Porcelain and stoneware dishes provided by the Northern Clay Center. Visit their gallery, or shop online, to fill your own table with handmade pieces from the top ceramic artists in the region.

Rose Daniels

Nettie Colón
Serves 4

Charred Octopus:
3 oregano sprigs
3 thyme sprigs
2 Hungarian wax peppers, charred
1 head garlic, charred
2 Roma tomatoes, charred
½ red onion, charred
Pinch of salt
Pinch of black pepper
A 2-5 pound octopus (fresh, or frozen and defrosted)

1. Bring a large pot of water with all the ingredients except the octopus to a boil.

2. With the water at a rolling boil, hold the octopus with tongs and dunk it in the water, completely submerging it for 10 seconds. Repeat this 2 more times. The shock of the boiling liquid tenderizes the octopus. After the third dunk, leave the octopus in the pot to cook at a medium simmer for 45 minutes for an octopus of 2-3 pounds and an hour for an octopus of 4-5 pounds. Remove it from the pot, let it cool, and cut off each tentacle. (You can discard the head or use it.)

3. Once cooled, toss the octopus tentacles in olive oil, and sprinkle lightly with salt and pepper. Grill the octopus tentacles on one side until crisp. Flip, and repeat on the other side.

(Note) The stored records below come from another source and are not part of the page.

Lemma abspow_nonneg (x s : R) : 0 <= abspow x s.
Proof.
  destruct (Req_EM_T x 0) as [->|Hx]; [rewrite abspow_0; lra|].
  left; apply abspow_pos, Hx.
Qed.

Lemma ln_abspow (x s : R) : x <> 0 -> ln (abspow x s) = s * ln (Rabs x).
Proof. intros Hx; rewrite abspow_neq0 by exact Hx; apply ln_Rpower. Qed.

Lemma abspow_mult (x y s : R) : abspow (x * y) s = abspow x s * abspow y s.
Proof.
  destruct (Req_EM_T x 0) as [->|Hx]; [rewrite Rmult_0_l, !abspow_0; ring|].
  destruct (Req_EM_T y 0) as [->|Hy]; [rewrite Rmult_0_r, !abspow_0; ring|].
  rewrite !abspow_neq0 by (try apply Rmult_integral_contrapositive; auto).
  rewrite Rabs_mult; symmetry; apply Rpower_mult_distr; apply Rabs_pos_lt; assumption.
Qed.

Lemma abspow_sub2_mul_sqr (x s : R) : abspow x (s - 2) * x * x = abspow x s.
Proof.
  destruct (Req_EM_T x 0) as [->|Hx]; [rewrite !abspow_0; ring|].
  rewrite !abspow_neq0 by exact Hx.
  replace s with (s - 2 + INR 2) at 2 by (simpl; ring).
  rewrite Rpower_plus, Rpower_pow by (apply Rabs_pos_lt, Hx).
  rewrite Rmult_assoc, pow2_abs; ring.
Qed.

Lemma abspow_invK (x p : R) : 0 <= x -> p <> 0 -> abspow (abspow x (1 / p)) p = x.
Proof.
  intros Hx Hp; destruct (Req_EM_T x 0) as [->|Hx0]; [rewrite !abspow_0; reflexivity|].
  rewrite abspow_neq0 by (apply Rgt_not_eq, abspow_pos, Hx0).
  rewrite Rabs_pos_eq by (apply abspow_nonneg).
  rewrite abspow_neq0 by exact Hx0.
  rewrite Rpower_mult, Rabs_pos_eq by exact Hx.
  replace (1 / p * p) with 1 by (field; exact Hp).
  apply Rpower_1; lra.
Qed.

Lemma abspow_le_Rpower_mul (x p q K : R) :
  0 < p <= q -> abspow x p <= K ->
  abspow x q <= Rpower K ((q - p) / p) * abspow x p.
Proof.
  intros Hpq HxK; destruct (Req_EM_T x 0) as [->|Hx]; [rewrite !abspow_0; lra|].
  pose proof (abspow_pos x p Hx) as Hxp.
  rewrite !abspow_neq0 in * by exact Hx.
  replace q with (p * ((q - p) / p) + p) at 1 by (field; lra).
  rewrite Rpower_plus, <- Rpower_mult.
  apply Rmult_le_compat_r; [lra|].
  apply Rle_Rpower_l; [|lra].
  apply Rmult_le_pos; [lra|]; left; apply Rinv_0_lt_compat; lra.
Qed.

Lemma exp_mul_one_sub_le (x : R) : exp x * (1 - x) <= 1.
Proof.
  pose proof (exp_pos x) as Hx.
  pose proof (exp_ineq1_le (- x)) as Hle; rewrite exp_Ropp in Hle.
  apply (Rmult_le_compat_l (exp x)) in Hle; [|lra].
  rewrite Rinv_r in Hle by lra; lra.
Qed.

Lemma Rpower_div_sub_le (t p q : R) :
  0 < t -> 0 < p < q -> Rpower t p / p - Rpower t q / q <= 1 / p - 1 / q.
Proof.
  intros Ht Hpq; unfold Rpower; set (s := ln t).
  assert (Hgrow : exp (p * s) * (1 + (q - p) * s) <= exp (q * s)).
  { replace (q * s) with (p * s + (q - p) * s) by ring; rewrite exp_plus.
    apply Rmult_le_compat_l; [left; apply exp_pos | apply exp_ineq1_le]. }
  pose proof (exp_mul_one_sub_le (p * s)) as Hdecay.
  assert (Hqp : q * exp (p * s) - p * exp (q * s) <= q - p) by nra.
  apply (Rmult_le_reg_l (p * q)); [nra|].
  replace (p * q * (exp (p * s) / p - exp (q * s) / q))
    with (q * exp (p * s) - p * exp (q * s)) by (field; lra).
  replace (p * q * (1 / p - 1 / q)) with (q - p) by (field; lra).
  exact Hqp.
Qed.
(* Assume $m_1=1$ and $q_j(t)=e^{tJ}a_j$, $j=1,\dots,n$, where $a_j\in\mathbb R^2$ satisfy $a_j=\sum_{k\ne j}m_k\frac{a_j-a_k}{\|a_j-a_k\|^{\alpha+1}}$. Let $\varepsilon\in(0,1)$, $\omega=\varepsilon^{-(\alpha+1)/2}$, and $\nu>0$ with $(\omega-1)/\nu=\mathfrak p\in\mathbb Z$. Let $x_j(\tau)=e^{-J\omega\tau/\nu}q_j(\tau/\nu)$, $y_j=x_1-x_j$, and let $h$ be defined by $h(x,\tau)=\varepsilon^{\alpha-1}\sum_{j=2}^n m_j\big[\phi_\alpha(\|y_j(\tau)+\varepsilon x\|)+\frac{y_j(\tau)}{\|y_j(\tau)\|^{\alpha+1}}\cdot\varepsilon x\big]$ if $\alpha>1$, and $h(x,\tau)=\sum_{j=2}^n m_j\big[-\log\frac{\|y_j(\tau)+\varepsilon x\|}{\|y_j(\tau)\|}+\frac{y_j(\tau)}{\|y_j(\tau)\|^2}\cdot\varepsilon x\big]$ if $\alpha=1$. Then $h(x,\tau)$ is $2\pi$-periodic in $\tau$, $\nabla_xh(x,\tau)=\mathcal O(\varepsilon^{\alpha+1})$, and $\nu/\omega=(1-\varepsilon^{(\alpha+1)/2})/\mathfrak p$.
   Context: $n\ge2$, $\alpha\ge1$, masses $m_1,\dots,m_n>0$. $\phi_\alpha(\lambda)=\frac1{\alpha-1}\lambda^{1-\alpha}$ for $\alpha>1$, $\phi_1(\lambda)=-\log\lambda$. $J=\begin{pmatrix}0&1\\-1&0\end{pmatrix}$, $e^{J\theta}=\cos\theta\,I+\sin\theta\,J$, $\|\cdot\|$ the Euclidean norm. The estimate $\mathcal O(\varepsilon^{\alpha+1})$ is meant as $\varepsilon\to0$, uniformly in $\tau$ and in $x$ in bounded sets. *)

From Stdlib Require Import Reals Lra ZArith.
From Coquelicot Require Import Coquelicot.
Open Scope R_scope.

Definition vec := (R * R)%type.
Definition vadd (u v : vec) : vec := (fst u + fst v, snd u + snd v).
Definition vsub (u v : vec) : vec := (fst u - fst v, snd u - snd v).
Definition vscal (c : R) (v : vec) : vec := (c * fst v, c * snd v).
Definition vdot (u v : vec) : R := fst u * fst v + snd u * snd v.
Definition enorm (v : vec) : R := sqrt (fst v ^ 2 + snd v ^ 2).

(* J = [[0,1],[-1,0]] acting on column vectors: J (a,b) = (b,-a). *)
Definition Jmul (v : vec) : vec := (snd v, - fst v).
(* e^{J theta} = cos theta I + sin theta J *)
Definition expJ (theta : R) (v : vec) : vec :=
  vadd (vscal (cos theta) v) (vscal (sin theta) (Jmul v)).

Definition vsum (f : nat -> vec) (lo hi : nat) : vec :=
  (sum_n_m (fun k => fst (f k)) lo hi, sum_n_m (fun k => snd (f k)) lo hi).

Definition phi (alpha lam : R) : R :=
  if Req_EM_T alpha 1 then - ln lam
  else / (alpha - 1) * Rpower lam (1 - alpha).

Definition central_config (n : nat) (m : nat -> R) (a : nat -> vec) (alpha : R) : Prop :=
  forall j, (1 <= j <= n)%nat ->
    a j = vsum (fun k => if Nat.eqb k j then (0, 0)
                         else vscal (m k / Rpower (enorm (vsub (a j) (a k))) (alpha + 1))
                                    (vsub (a j) (a k))) 1 n.

Definition omega (eps alpha : R) : R := Rpower eps (- (alpha + 1) / 2).

Definition qq (a : nat -> vec) (j : nat) (t : R) : vec := expJ t (a j).

Definition xx (a : nat -> vec) (eps alpha nu : R) (j : nat) (tau : R) : vec :=
  expJ (- (omega eps alpha * tau / nu)) (qq a j (tau / nu)).

Definition yy (a : nat -> vec) (eps alpha nu : R) (j : nat) (tau : R) : vec :=
  vsub (xx a eps alpha nu 1 tau) (xx a eps alpha nu j tau).

Definition hh (n : nat) (m : nat -> R) (a : nat -> vec) (alpha eps nu : R)
    (x : vec) (tau : R) : R :=
  if Req_EM_T alpha 1 then
    sum_n_m (fun j =>
      let y := yy a eps alpha nu j tau in
      m j * ( - ln (enorm (vadd y (vscal eps x)) / enorm y)
              + vdot (vscal (/ (enorm y ^ 2)) y) (vscal eps x))) 2 n
  else
    Rpower eps (alpha - 1) *
    sum_n_m (fun j =>
      let y := yy a eps alpha nu j tau in
      m j * ( phi alpha (enorm (vadd y (vscal eps x)))
              + vdot (vscal (/ Rpower (enorm y) (alpha + 1)) y) (vscal eps x))) 2 n.

(* In the frame rotating with angular velocity omega/nu the relative positions are
   y_j(tau) = e^{-J p tau} (a_1 - a_j): rotations by an integer multiple of tau, hence
   2 pi-periodic and of constant length |a_1 - a_j| > 0.  In both cases alpha > 1 and
   alpha = 1 the gradient of h is eps^alpha sum_j m_j (F(y_j) - F(y_j + eps x)) with
   F(v) = v / |v|^(alpha + 1), the linear correction cancelling the leading term.  On the
   ball of radius |y|/2 around y, F is Lipschitz with constant O(|y|^-(alpha + 1)) (mean
   value theorem for t^(alpha + 1)), which yields the extra factor eps |x|. *)

From Stdlib Require Import Reals ZArith Lra Lia.
From Coquelicot Require Import Coquelicot.
Open Scope R_scope.

Local Notation plane := (prod_NormedModule R_AbsRing R_NormedModule R_NormedModule).

Lemma enorm_norm (v : vec) : enorm v = norm (v : R * R).
Proof.
destruct v as [v1 v2]. unfold enorm, norm; simpl. unfold prod_norm, norm, abs; simpl.
rewrite !Rmult_1_r, <- !Rabs_mult, !Rabs_right by nra. reflexivity.
Qed.

Lemma enorm_vsub_gt0 u v : u <> v -> 0 < enorm (vsub u v).
Proof. rewrite enorm_norm. exact (norm_minus_gt_0 (V := plane) u v). Qed.

Lemma enorm_vscal c v : enorm (vscal c v) = Rabs c * enorm v.
Proof.
destruct v as [v1 v2]. unfold enorm, vscal; cbn [fst snd].
replace ((c * v1) ^ 2 + (c * v2) ^ 2) with (c² * (v1 ^ 2 + v2 ^ 2)) by (unfold Rsqr; ring).
rewrite sqrt_mult_alt, sqrt_Rsqr_abs by apply Rle_0_sqr. reflexivity.
Qed.

Lemma enorm_vsubC u v : enorm (vsub u v) = enorm (vsub v u).
Proof.
rewrite !enorm_norm, <- (norm_opp (V := plane)).
f_equal. exact (opp_minus (G := prod_AbelianGroup _ _) u v).
Qed.

Lemma Rabs_enorm_sub_le u v : Rabs (enorm u - enorm v) <= enorm (vsub u v).
Proof.
rewrite !enorm_norm. change (vsub u v) with (minus (u : R * R) v).
exact (norm_triangle_inv (V := plane) u v).
Qed.

Lemma vsum_sum_n_m (f : nat -> vec) lo hi : vsum f lo hi = sum_n_m (G := plane) f lo hi.
Proof.
unfold vsum, sum_n_m, Iter.iter_nat. generalize (seq.iota lo (S hi - lo)) as l.
induction l as [|k l IH]; [reflexivity|]. cbn [Iter.iter]. rewrite <- IH. reflexivity.
Qed.

Lemma enorm_vsum_le (f : nat -> vec) lo hi :
  enorm (vsum f lo hi) <= sum_n_m (fun k => enorm (f k)) lo hi.
Proof.
rewrite enorm_norm, vsum_sum_n_m.
eapply Rle_trans; [exact (norm_sum_n_m (V := plane) f lo hi)|].
right. apply sum_n_m_ext. intros k. symmetry. apply enorm_norm.
Qed.

Lemma vdot_vscal_l c u v : vdot (vscal c u) v = c * vdot u v.
Proof. unfold vdot, vscal; simpl. ring. Qed.

Lemma vdot_vsum (f : nat -> vec) lo hi e :
  vdot (vsum f lo hi) e = sum_n_m (fun k => vdot (f k) e) lo hi.
Proof.
unfold vdot, vsum; simpl.
transitivity (plus (sum_n_m (fun k => mult (fst (f k)) (fst e)) lo hi)
                   (sum_n_m (fun k => mult (snd (f k)) (snd e)) lo hi)).
- rewrite !(sum_n_m_mult_r (K := R_Ring)). reflexivity.
- rewrite <- sum_n_m_plus. reflexivity.
Qed.

Lemma enorm_triang u v : enorm (vadd u v) <= enorm u + enorm v.
Proof. rewrite !enorm_norm. exact (norm_triangle (V := plane) u v). Qed.

Lemma vsub_vadd_l y z : vsub (vadd y z) y = z.
Proof. destruct y, z. unfold vsub, vadd; cbn [fst snd]. f_equal; ring. Qed.

Lemma enorm_vadd_gt0 y z : enorm z < enorm y -> 0 < enorm (vadd y z).
Proof.
intros Hzy. pose proof (Rabs_enorm_sub_le (vadd y z) y) as H.
rewrite vsub_vadd_l in H. apply Rabs_le_between' in H. lra.
Qed.

Lemma expJ_expJ s t v : expJ s (expJ t v) = expJ (s + t) v.
Proof.
destruct v as [v1 v2]. unfold expJ, vadd, vscal, Jmul; cbn [fst snd].
rewrite cos_plus, sin_plus. f_equal; ring.
Qed.

Lemma vsub_expJ t u v : vsub (expJ t u) (expJ t v) = expJ t (vsub u v).
Proof. unfold expJ, vadd, vsub, vscal, Jmul; cbn [fst snd]. f_equal; ring. Qed.

Lemma enorm_expJ t v : enorm (expJ t v) = enorm v.
Proof.
destruct v as [v1 v2]. unfold enorm, expJ, vadd, vscal, Jmul; cbn [fst snd].
f_equal. pose proof (sin2_cos2 t) as H. unfold Rsqr in H. nra.
Qed.

Lemma expJ_period_nat t (k : nat) v : expJ (t + 2 * INR k * PI) v = expJ t v.
Proof. unfold expJ. rewrite cos_period, sin_period. reflexivity. Qed.

Lemma expJ_period t (k : Z) v : expJ (t + 2 * IZR k * PI) v = expJ t v.
Proof.
destruct (Z_le_gt_dec 0 k).
- rewrite <- (Z2Nat.id k), <- INR_IZR_INZ by lia. apply expJ_period_nat.
- rewrite <- (expJ_period_nat _ (Z.to_nat (- k))), INR_IZR_INZ, Z2Nat.id, opp_IZR by lia.
  f_equal. ring.
Qed.

Section Rotating_frame.

Variables (a : nat -> vec) (eps alpha nu : R).

Lemma enorm_yy j tau : enorm (yy a eps alpha nu j tau) = enorm (vsub (a 1%nat) (a j)).
Proof. unfold yy, xx, qq. rewrite !expJ_expJ, vsub_expJ, enorm_expJ. reflexivity. Qed.

Variable p : Z.
Hypotheses (Hnu : 0 < nu) (Hp : (omega eps alpha - 1) / nu = IZR p).

Lemma yy_rotation j tau : yy a eps alpha nu j tau = expJ (- (IZR p * tau)) (vsub (a 1%nat) (a j)).
Proof.
unfold yy, xx, qq. rewrite !expJ_expJ, vsub_expJ. f_equal.
rewrite <- Hp. field. lra.
Qed.

Lemma yy_periodic j tau : yy a eps alpha nu j (tau + 2 * PI) = yy a eps alpha nu j tau.
Proof.
rewrite !yy_rotation.
replace (- (IZR p * (tau + 2 * PI))) with (- (IZR p * tau) + 2 * IZR (- p) * PI)
  by (rewrite opp_IZR; ring).
apply expJ_period.
Qed.

Lemma hh_periodic n m x tau :
  hh n m a alpha eps nu x (tau + 2 * PI) = hh n m a alpha eps nu x tau.
Proof.
unfold hh. destruct (Req_EM_T alpha 1); [|f_equal];
  apply sum_n_m_ext; intros j; rewrite yy_periodic; reflexivity.
Qed.

End Rotating_frame.

Lemma nu_div_omega eps alpha nu p : 1 <= alpha -> 0 < eps < 1 -> 0 < nu ->
  (omega eps alpha - 1) / nu = IZR p ->
  nu / omega eps alpha = (1 - Rpower eps ((alpha + 1) / 2)) / IZR p.
Proof.
intros Halpha Heps Hnu Hp.
set (E := Rpower eps ((alpha + 1) / 2)).
assert (HE : 0 < E < 1).
{ assert (ln eps < 0) by (rewrite <- ln_1; apply ln_increasing; lra).
  assert (0 < (alpha + 1) / 2) by lra.
  split; [apply exp_pos|]. unfold E, Rpower.
  apply (Rlt_le_trans _ (exp 0)); [apply exp_increasing; nra | rewrite exp_0; lra]. }
assert (Homega : omega eps alpha = / E).
{ unfold omega, E. rewrite <- Rpower_Ropp. f_equal. field. }
rewrite Homega in Hp |- *. rewrite <- Hp.
assert (1 < / E) by (rewrite <- Rinv_1; apply Rinv_lt_contravar; lra).
field. lra.
Qed.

4. To serve, lightly coat the octopus with the Grilled-Lemon Coriander Sauce, and serve with grilled lemon halves atop roasted potatoes and kale.

Grilled-Lemon Coriander Sauce:
3 large lemons
1 tablespoon coriander seeds, toasted in a dry skillet until fragrant, coarsely ground or crushed
½ cup parsley
⅔ cup olive oil
2 serrano chilies, stemmed and diced
2 tablespoons honey
Salt to taste

1. Cut the lemons in half and place cut side down on the grill until there’s a nice char marking on the surface of the lemon, 3-4 minutes. Flip and grill for 3-4 minutes more. Remove from the grill and cool completely.

2. Using a hand-held juicer, juice the lemons into a glass measuring cup. They should yield about ⅓ cup. Pour the lemon juice into a deep quart container and add the coriander, parsley, chiles, honey, and 1 teaspoon of salt. Mix with a hand blender, adding the olive oil in a thin stream and blending until the mixture is smooth.